I got here through a series of tubes
As a university professor and a mac user, I'm the obvious target for software like this, and in many respects it looks very attractive. However, I can't, in good conscience, force my students onto a particular platform, and that's what using this for course materials would do. I suppose it would be good if the university required all students to buy and iPad (and that's probably Apple's goal here), but without that it's useless. Proprietary formats like iBooks or the Kindle are out, and I'll continue to distribute materials to my students as pdf files, despite the limitations of that format.
The innovation is packaging those technologies and making it easy for publishers to use them.
The new ibooks format looks like a ZIP container containing xhtml, images (including jpeg, png and svg), javascript based widgets (created with Dashcode, similar to OS X widgets). I see h.264 movies in there as well. I haven't found the 3d stuff (don't know if there's any 3d in this one). And it's all in a nice package that you can download once and toss on a device.
Unlike Sigil, iBooks Author can embed much more multimedia and appears to make it much easier to build documents. Building the capabilities to do flashcards and interactive review sections into the client app so that lots of books can take advantage of it. Before now, publishers could do this sort of thing in a browser over the internet, or they could write their own mobile app that displayed the content, but they had to build a lot of that infrastructure themselves.
Apple's building on our current technologies and has actually gotten publishers to start using them. I think that's pretty cool.
What the hell does an iPad do that cheaper full fledged computers haven't been able to do for ages?
It can sit on your desk alongside your books, papers, pencils and not take up all the space. You can carry it around, and it has a great form-factor for using it as a tool.
Typical geek error: You think this is about technological capabilities, specs - it isn't. It is about design, about integration into the workflow, about everything around the device as much as the device itself.
if I had an iPad to play with in class in school, I don't think much learning would have happened.
That absolutely is the #1 argument against an iPad or any other multi-purpose electronic gadget. Then again, if pupils want to play, they will. Back in my days, we played on paper. Worked, too.
And come on, it's Apple and we all know Apple can do no wrong.
They've done plenty of wrong. The reason you don't hear much about it is that unlike MS they don't keep their mistakes around for ages, spending billions on them until either they are so dead that they have to bury them because they start to smell (Zune), or the sheer amount of money and exclusivity-deals and other niceties that money can buy make it into a viable thing (xbox).

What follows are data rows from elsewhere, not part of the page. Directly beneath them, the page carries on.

Theorem lemma2p8 (Q : bquiver)
  (ms : 'I_(nsrc Q) -> nat) (mt : 'I_(ntgt Q) -> nat)
  (us : 'I_(nsrc Q) -> nat) (ut : 'I_(ntgt Q) -> nat)
  (hT : forall a, 0 < ut a /\ ut a <= minn (aT mt a) (bT ms a) /\ ut a <= vT us a)
  (hS : forall b, 0 < us b /\ us b <= minn (aS mt b) (bS ms b) /\ us b <= vS ut b)
  (C : nat -> nat -> 'I_(narr Q) -> Prop) (hC : subL ms mt C) :
  u_compatible ms mt us ut C <->
  exists H V, road_map ms mt us ut H V /\ covered ms mt us ut C H V.
Proof.
split=> [[noT noS] | [H [V [[rT rS] cov]]]].
  have /choice [H hH] : forall a, exists Ha,
      horizontal_paths (aT mt a) (bT ms a) (ut a) Ha /\ covers (ut a) Ha (CT ms mt C a).
    move=> a; have [u_gt0 [+ _]] := hT a; rewrite leq_min => /andP[ua ub].
    exact: horizontal_path_cover u_gt0 ua ub (@CT_in_grid _ ms mt C a) (noT a).
  have /choice [V hV] : forall b, exists Vb,
      vertical_paths (aS mt b) (bS ms b) (us b) Vb /\ covers (us b) Vb (CS ms mt C b).
    move=> b; have [u_gt0 [+ _]] := hS b; rewrite leq_min => /andP[ua ub].
    exact: vertical_path_cover u_gt0 ua ub (@CS_in_grid _ ms mt C b) (noS b).
  exists H, V; split; first by split=> ?; [exact: (hH _).1 | exact: (hV _).1].
  by apply: covered_of_covers => // [a | b]; [exact: (hH a).2 | exact: (hV b).2].
have [covT covS] := covers_of_covered cov.
split=> [a | b].
  apply: (cover_no_diag_chain (covT a)) => p /(rT a).1.
  exact: lattice_path_diag_free.
apply: (cover_no_diag_chain (covS b)) => q /(rS b).1.
exact: lattice_path_diag_free.
Qed.
Lemma all_catACA {T : Type} (p : pred T) (s1 s2 s3 s4 : seq T) :
  all p ((s1 ++ s2) ++ (s3 ++ s4)) = all p ((s1 ++ s3) ++ (s2 ++ s4)).
Proof. by rewrite !all_cat andbACA. Qed.

Definition homometric_in (t : tree) (P : pred (seq nat)) (n : nat) : Prop :=
  exists A B, [/\ equidepth_homometric A B, all P (A ++ B),
                  all (is_vertex t) (A ++ B) & n <= size A].

Lemma homometric_in0 t P : homometric_in t P 0.
Proof. by exists [::], [::]. Qed.

Lemma homometric_in_weaken t (P Q : pred (seq nat)) m n :
  subpred P Q -> m <= n -> homometric_in t P n -> homometric_in t Q m.
Proof.
move=> PQ mn [A [B [hAB PAB vAB nA]]]; exists A, B.
by split; [|exact: sub_all PAB|exact: vAB|exact: leq_trans nA].
Qed.

Lemma homometric_in_max t P m n :
  homometric_in t P m -> homometric_in t P n -> homometric_in t P (maxn m n).
Proof. by move=> Pm Pn; case: leqP. Qed.

Lemma homometric_in_child cs k n : k < size cs ->
  homometric_in (nth leaf cs k) predT n -> homometric_in (Node cs) (head_in [:: k]) n.
Proof.
move=> k_cs [A [B [hAB _ vAB nA]]].
exists (map (cons k) A), (map (cons k) B); split.
- exact: equidepth_homometric_cons.
- by rewrite -map_cat all_map; apply/allP => x _ /=; rewrite inE.
- by rewrite -map_cat all_map; apply/allP => x /(allP vAB) /=; rewrite k_cs.
- by rewrite size_map.
Qed.

Lemma homometric_in_cat cs l1 l2 n1 n2 : ~~ has (mem l2) l1 ->
  homometric_in (Node cs) (head_in l1) n1 ->
  homometric_in (Node cs) (head_in l2) n2 ->
  homometric_in (Node cs) (head_in (l1 ++ l2)) (n1 + n2).
Proof.
move=> l12 [A1 [B1 [h1 P1 v1 n1A]]] [A2 [B2 [h2 P2 v2 n2A]]].
exists (A1 ++ A2), (B1 ++ B2); split.
- exact: (equidepth_homometric_cat l12 P1 P2 h1 h2).
- rewrite all_catACA all_cat.
  by rewrite (sub_all (@head_in_cat_l l1 l2) P1) (sub_all (@head_in_cat_r l1 l2) P2).
- by rewrite all_catACA all_cat v1 v2.
- by rewrite size_cat leq_add.
Qed.

Lemma seq_ind2 {T : Type} (P : seq T -> Prop) :
  P [::] -> (forall x, P [:: x]) -> (forall x y s, P s -> P [:: x, y & s]) ->
  forall s, P s.
Proof.
move=> P0 P1 P2 s; suff: P s /\ forall x, P (x :: s) by case.
elim: s => [|y s [Ps Pys]]; first by split=> // x; exact: P1.
by split=> [|x]; [exact: Pys | exact: P2].
Qed.

Lemma exists_nth_max (s : seq nat) :
  s != [::] -> exists2 k, k < size s & nth 0 s k = foldr maxn 0 s.
Proof.
elim: s => [|x s IH] // _; case: s IH => [|y s] IH.
  by exists 0; rewrite //= maxn0.
case: IH => // k k_s nth_k; case: (leqP (foldr maxn 0 (y :: s)) x) => [x_max|max_x].
  by exists 0; rewrite //= (maxn_idPl x_max).
by exists k.+1; rewrite //= nth_k (maxn_idPr (ltnW max_x)).
Qed.

Lemma height_gt0 t : 0 < height t.
Proof. by case: t. Qed.

Lemma exists_longest_path t : exists2 d, size d = (height t).-1 & is_vertex t d.
Proof.
elim/tree_ind_nth: t => cs IH.
have [cs_nil|cs_ne] := altP (map height cs =P [::]).
  by exists [::]; case: cs IH cs_nil.
case: (exists_nth_max cs_ne) => k; rewrite size_map => k_cs.
rewrite (nth_map leaf) // => max_k.
case: (IH k k_cs) => d size_d vertex_d; exists (k :: d); last by rewrite /= k_cs.
by rewrite /= size_d -max_k prednK ?height_gt0.
Qed.

Definition descending_path (p : nat) (d : seq nat) (m : nat) : seq (seq nat) :=
  [seq p :: take j d | j <- iota 0 m].

Lemma descending_path_head p d m : all (head_in [:: p]) (descending_path p d m).
Proof. by rewrite all_map; apply/allP => j _ /=; rewrite inE. Qed.

Lemma descending_path_vertex cs p d m : p < size cs -> is_vertex (nth leaf cs p) d ->
  all (is_vertex (Node cs)) (descending_path p d m).
Proof.
by move=> p_cs d_v; rewrite all_map; apply/allP => j _ /=; rewrite p_cs is_vertex_take.
Qed.

Section DescendingPath.

Variables (p : nat) (d : seq nat) (m : nat).
Hypothesis m_d : m <= (size d).+1.

Lemma descending_path_pairs :
  pairs_map tdist (descending_path p d m)
  = pairs_map (fun j l => j + l - 2 * minn j l) (iota 0 m).
Proof.
rewrite pairs_map_map; apply: eq_in_pairs_map => j l; rewrite !mem_iota => j_m l_m.
by rewrite tdist_cons tdist_take //; lia.
Qed.

Lemma descending_path_sizes : map size (descending_path p d m) = map succn (iota 0 m).
Proof.
rewrite -map_comp; apply/eq_in_map => j; rewrite mem_iota => j_m /=.
by rewrite size_takel //; lia.
Qed.

Lemma descending_path_uniq : uniq (descending_path p d m).
Proof.
apply: (@map_uniq _ _ size).
by rewrite descending_path_sizes (map_inj_uniq succn_inj) iota_uniq.
Qed.

End DescendingPath.

Lemma equidepth_homometric_paths p q dp dq m : p != q ->
  m <= (size dp).+1 -> m <= (size dq).+1 ->
  equidepth_homometric (descending_path p dp m) (descending_path q dq m).
Proof.
move=> pq m_dp m_dq; split; rewrite ?descending_path_uniq //.
- apply: (@apart_disjoint [:: p] [:: q]); rewrite ?descending_path_head //=.
  by rewrite orbF inE.
- by rewrite !descending_path_pairs.
- by rewrite !descending_path_sizes.
Qed.

Definition child_height (cs : seq tree) (k : nat) : nat := height (nth leaf cs k).
(* Let $\nabla$ be an ES basic fusion operator with representing basic assignment $\Phi\mapsto\succeq_\Phi$. The following are equivalent: (i) $\nabla$ satisfies (ESF-P); (ii) for every society $N$, every $N$-profile $\Phi$ and all $E,E'\in\mathcal E$ with $|[\![B(E)]\!]|\le 2$, if $B(\nabla(E_i,E))\wedge B(E')\vdash\bot$ for all $i\in N$ then $B(\nabla(\Phi,E))\wedge B(E')\vdash\bot$; (iii) for every society $N$, every $N$-profile $\Phi$ and all interpretations $w,w'$, if $w\succ_{E_i}w'$ for all $i\in N$ then $w\succ_\Phi w'$.
   Context: Setting: epistemic space $(\mathcal E,B,\mathcal L_{\mathcal P})$ ($\mathcal E$ nonempty, $B:\mathcal E\to$ propositional formulas over finite $\mathcal P$, image modulo equivalence exactly the consistent formulas; $\mathcal W_{\mathcal P}$ valuations, $[\![\phi]\!]$ models); agents: well-ordered set $\mathcal S$; society: nonempty finite $N\subseteq\mathcal S$; $N$-profile $\Phi:N\to\mathcal E$, $E_i=\Phi(i)$, identified with $E_i$ if $N=\{i\}$; profiles on $\{i_1<\dots<i_n\}$, $\{j_1<\dots<j_m\}$ equivalent if $n=m$ and entries coincide position-wise. ES basic fusion operator: a map $\nabla(\Phi,E)\in\mathcal E$ with (ESF1) $B(\nabla(\Phi,E))\vdash B(E)$; (ESF2) equivalent profiles and $B(E)\equiv B(E')$ give equivalent $B(\nabla)$; (ESF3) if $B(E)\equiv B(E')\wedge B(E'')$ then $B(\nabla(\Phi,E'))\wedge B(E'')\vdash B(\nabla(\Phi,E))$; (ESF4) if moreover $B(\nabla(\Phi,E'))\wedge B(E'')\nvdash\bot$ then $B(\nabla(\Phi,E))\vdash B(\nabla(\Phi,E'))\wedge B(E'')$. Representing basic assignment: the unique $\Phi\mapsto\succeq_\Phi$ (total preorders on $\mathcal W_{\mathcal P}$, $\succ$ strict part, equal on equivalent profiles) with $[\![B(\nabla(\Phi,E))]\!]=\max([\![B(E)]\!],\succeq_\Phi)$, $\max(C,\succeq)=\{c\in C:c\succeq x\ \forall x\in C\}$. (ESF-P): for every society $N$, $N$-profile $\Phi$ and $E,E'$, if $\bigwedge_{i\in N}B(\nabla(E_i,E))\nvdash\bot$ and $B(\nabla(E_i,E))\wedge B(E')\vdash\bot$ for all $i\in N$, then $B(\nabla(\Phi,E))\wedge B(E')\vdash\bot$. *)

From HB Require Import structures.
From mathcomp Require Import all_boot all_order.
Set Implicit Arguments. Unset Strict Implicit. Unset Printing Implicit Defensive.
(* Let $S=\{0,1,2,\dots\}$, $\lambda,\mu>0$, $\theta=\lambda/\mu$, and let $p^*_t(x,y)$ be the unique transition function on $S$ whose infinitesimal rates are $q(i,i+1)=\lambda$; $q(i,i+k)=0$ for $k\ge 2$; $q(i,i-k)=\mu$ for $i\ge1$, $1\le k\le i$; $q(i,i)=-(\lambda+i\mu)$; all other entries $0$ (equivalently, the minimal solution of the Kolmogorov backward equations for these rates, which is stochastic). For $t\ge0$, $x,n\in S$ define $$R^*_t(\delta_x,n)=\frac{\theta^n}{(\theta+1)_n}+e^{-(\theta+n)\mu t}\sum_{\rho=0}^{n}\frac{(\theta(e^{\mu t}-1))^\rho}{\rho!}\Big(\mathbf 1\{x\ge n-\rho\}-\frac{\theta^{n-\rho}}{(\theta+1)_{n-\rho}}\Big).$$ Then for all $x,y\in S$ and $t\ge0$, $$p^*_t(x,y)=R^*_t(\delta_x,y)-R^*_t(\delta_x,y+1).$$
   Context: $(a)_n$ is the rising factorial: $(a)_0=1$, $(a)_n=a(a+1)\cdots(a+n-1)$ for $n\ge1$. *)

From Stdlib Require Import Reals Lra Lia Factorial.
From Coquelicot Require Import Coquelicot.
Open Scope R_scope.

Fixpoint rising (a : R) (n : nat) : R :=
  match n with
  | O => 1
  | S k => rising a k * (a + INR k)
  end.

Definition qrate (lam mu : R) (i j : nat) : R :=
  if Nat.eqb j (S i) then lam
  else if Nat.ltb j i then mu
  else if Nat.eqb j i then - (lam + INR i * mu)
  else 0.
(* Lyapunov energy: the nonincreasing weight [c] absorbs the inertial term
   [a j - a j.-1]; at [j = 0], [a j.-1] is [a 0], matching x_{-1} = x_0. *)
Let W j := q j * a j - c j * a j.-1 + c j * D2.

Let W_step j : W j.+1 + q j.+1 * g j <= W j + 2 * c j * d j.
Proof.
have := ler_wpM2l (ltW (invprod_gt0 j.+1)) (descent j).
rewrite mulrBr mulrA invprodS => step.
have : c j.+1 * (D2 - a j) <= c j * (D2 - a j).
  by rewrite ler_wpM2r ?cS // subr_ge0; case/andP: (a_bnd j).
rewrite /W /c /=; lra.
Qed.

Lemma weighted_telescoping k : \sum_(j < k) q j.+1 * g j <= (2 * k%:R + 1) * D2.
Proof.
have telescope : W k + \sum_(j < k) q j.+1 * g j <= W 0 + \sum_(j < k) 2 * c j * d j.
  elim: k => [|k ih]; first by rewrite !big_ord0.
  by rewrite !big_ord_recr /=; have := W_step k; lra.
have W0 : W 0 <= D2.
  rewrite /W /c /invprod big_ord0 invr1 !mul1r.
  have /andP[a0 a0D] := a_bnd 0.
  have : 0 <= (1 - alpha 0) * (D2 - a 0) by rewrite mulr_ge0 // subr_ge0.
  lra.
have Wk : 0 <= W k.
  have /andP[ak _] := a_bnd k; have /andP[_ ak1] := a_bnd k.-1.
  have := mulr_ge0 (ltW (invprod_gt0 k)) ak.
  have : 0 <= c k * (D2 - a k.-1) by rewrite mulr_ge0 ?subr_ge0.
  rewrite /W; lra.
have sum_d : \sum_(j < k) 2 * c j * d j <= 2 * k%:R * D2.
  have -> : 2 * k%:R * D2 = \sum_(j < k) 2 * D2.
    by rewrite sumr_const card_ord -[_ *+ k]mulr_natr; ring.
  apply: ler_sum => j _; have /andP[dj0 djD] := d_bnd j.
  have : c j * d j <= 1 * d j by rewrite ler_wpM2r ?c_le1.
  lra.
lra.
Qed.
Lemma emulDr x y z : emul x (y + z) = emul x y + emul x z.
Proof.
apply/ffunP => U; rewrite emulE [RHS]ffunE !emulE -big_split.
apply: eq_bigr => S _; rewrite -big_split; apply: eq_bigr => T _.
by rewrite !ffunE !mulrDr.
Qed.

Lemma emul0r x : emul 0 x = 0.
Proof.
apply/ffunP => U; rewrite emulE [RHS]ffunE big1 // => S _.
by rewrite big1 // => T _; rewrite ffunE mul0r mulr0.
Qed.

Lemma emulr0 x : emul x 0 = 0.
Proof.
apply/ffunP => U; rewrite emulE [RHS]ffunE big1 // => S _.
by rewrite big1 // => T _; rewrite ffunE !mulr0.
Qed.

Lemma emulNr x y : emul (- x) y = - emul x y.
Proof. by apply/eqP; rewrite -addr_eq0 -emulDl addNr emul0r. Qed.

Lemma emulrB x : zmod_morphism (emul x).
Proof.
move=> y z; rewrite emulDr; congr (_ + _).
by apply/eqP; rewrite -addr_eq0 -emulDr addNr emulr0.
Qed.

Lemma emul_suml I (r : seq I) (P : pred I) (F : I -> ext n) y :
  emul (\sum_(i <- r | P i) F i) y = \sum_(i <- r | P i) emul (F i) y.
Proof. exact: (big_morph (fun x => emul x y) (fun x z => emulDl x z y) (emul0r y)). Qed.

Lemma emulZl p x y : emul (cmul p x) y = cmul p (emul x y).
Proof.
apply/ffunP => U; rewrite emulE [RHS]ffunE !emulE mulr_sumr.
apply: eq_bigr => S _; rewrite mulr_sumr; apply: eq_bigr => T _.
by rewrite ffunE; ring.
Qed.

Lemma emulZr p x y : emul x (cmul p y) = cmul p (emul x y).
Proof.
apply/ffunP => U; rewrite emulE [RHS]ffunE !emulE mulr_sumr.
apply: eq_bigr => S _; rewrite mulr_sumr; apply: eq_bigr => T _.
by rewrite ffunE; ring.
Qed.

HB.instance Definition _ x :=
  GRing.isZmodMorphism.Build (ext n) (ext n) (emul x) (emulrB x).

Apple buries its mistakes and moves on. Doesn't mean they don't make plenty of mistakes.
Assorted stuff I do sometimes: Lemuria.org
Publishers and authors of textbooks hate used books because they don't get any additional revenue. Which is why you'll see your standard freshman class books change every other year. How does Calc 101 change every year? The author changes one example replacing X with Y, and then can rev the book and get another $45 in revenue.
With an eBook with DRM, they'll make it so while the book might not cost $45, every student will be forced to buy it 'new' every year.
I'm not really sold on the idea that we need interactive textbooks,
You didn't study anything complicated, then.
For all natural sciences, layered diagrams, 3D models that you can turn and watch from more than one perspective, etc. are godsent. Not because they are shiney and "multimedia", but because they convey more information better. Check out anatomy textbooks and tell me the diagrams wouldn't be 100% improved if they supported just layers.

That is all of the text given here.